The SCD-PROTECT study included all patients in Germany who received a wearable cardioverter-defibrillator (WCD) between December 2021 and May 2023 due to non-ischemic cardiomyopathy (NICM) or myocardial infarction / coronary artery disease (MI/CAD). The primary endpoint of the SCD-PROTECT study was the incidence of SCA due to sustained ventricular arrhythmias and was evaluated according to gender in this sub-analysis. It was measured by appropriate treatments delivered by a WCD and reported as events per 100 patient-years. Secondary endpoints included inappropriate WCD treatments, all-cause mortality, adverse events, adherence to WCD use, and heart failure medication patterns.

Results

Out of 19,598 patients enrolled in the SCD-PROTECT study, 4,053 (20.7%) were women, 11,449 patients (female 23.8%) with NICM and 8,149 patients (female 16.3%) with MI/CAD. Baseline characteristics, arrhythmias during hospital stay, and medication at hospital discharge stratified by gender are presented in Table 1.

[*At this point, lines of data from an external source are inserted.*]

Lemma Rpower_le_sqrt v p : 0 < v <= 1 -> /2 <= p -> Rpower v p <= sqrt v.
Proof.
  intros Hv Hp. rewrite <- Rpower_sqrt by lra. apply exp_le_compat.
  assert (ln v <= 0) by (rewrite <- ln_1; apply ln_le; lra). nra.
Qed.

(** * The Gamma function *)

Definition gamma_integrand (c t : R) := Rpower t c * exp (- t).

Lemma Gamma_RInt_gen a :
  Gamma a = RInt_gen (gamma_integrand (a - 1)) (at_right 0) (Rbar_locally p_infty).
Proof. reflexivity. Qed.

Lemma gamma_integrand_pos c t : 0 < gamma_integrand c t.
Proof. apply Rmult_lt_0_compat; [apply Rpower_pos | apply exp_pos]. Qed.

Lemma is_derive_gamma_integrand c t : 0 < t ->
  is_derive (gamma_integrand c) t (c * gamma_integrand (c - 1) t - gamma_integrand c t).
Proof.
  intros Ht. unfold gamma_integrand. auto_derive.
  - eexists. apply is_derive_Rpower, Ht.
  - rewrite (is_derive_unique (fun x : R => Rpower x c) t _ (is_derive_Rpower c t Ht)). ring.
Qed.

Lemma continuous_gamma_integrand c t : 0 < t -> continuous (gamma_integrand c) t.
Proof.
  intros Ht. apply (@ex_derive_continuous R_AbsRing R_NormedModule).
  eexists. apply is_derive_gamma_integrand, Ht.
Qed.

Lemma ex_RInt_gamma_integrand c u v : 0 < u -> 0 < v -> ex_RInt (gamma_integrand c) u v.
Proof.
  intros Hu Hv. apply (@ex_RInt_continuous R_CompleteNormedModule). intros t Ht.
  apply continuous_gamma_integrand.
  destruct (Rle_dec u v); [rewrite Rmin_left in Ht | rewrite Rmin_right in Ht]; lra.
Qed.

Lemma gamma_integrand_le_Rpower c t : 0 <= t -> gamma_integrand c t <= Rpower t c.
Proof.
  intros Ht. unfold gamma_integrand. pose proof (Rpower_pos t c).
  assert (exp (- t) <= 1) by (rewrite <- exp_0; apply exp_le_compat; lra).
  nra.
Qed.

The incidence rate of the first appropriate treatment in the total group was 6.01 (95%CI: 4.37-8.07) per 100 patient-years for women and 7.43 (95%CI: 6.46-8.52) per 100 patient-years for men (gender difference: p=0.19). In the NICM group it was 4.60 (95%CI: 2.92-6.90) per 100 patient-years for women and 6.57 (95%CI: 5.37-7.96) per 100 patient-years for men (p=0.15), and in the MI/CAD group 9.04 (95%CI: 5.60-13.82) per 100 patient-years in women and 8.56 (95%CI: 7.0-10.38) per 100 patient-years in men (p=0.81). The overall incidence density of appropriate treatments in the total group was 9.69 (95%CI: 7.57-12.22) per 100 patient years for women and 11.56 (95%CI: 10.34-12.89) per 100 patient-years for men (p=0.21). In the NICM group it was 6.60 (95%CI: 4.54-9.27) per 100 patient-years for women and 9.14 (95%CI: 7.71-10.75) per 100 patient-years for men (p=0.10), and in the MI/CAD group 16.36 (95%CI: 11.58-22.45) per 100 patient-years in women and 14.72 (95%CI: 12.64-17.04) per 100 patient-years in men (p=0.58).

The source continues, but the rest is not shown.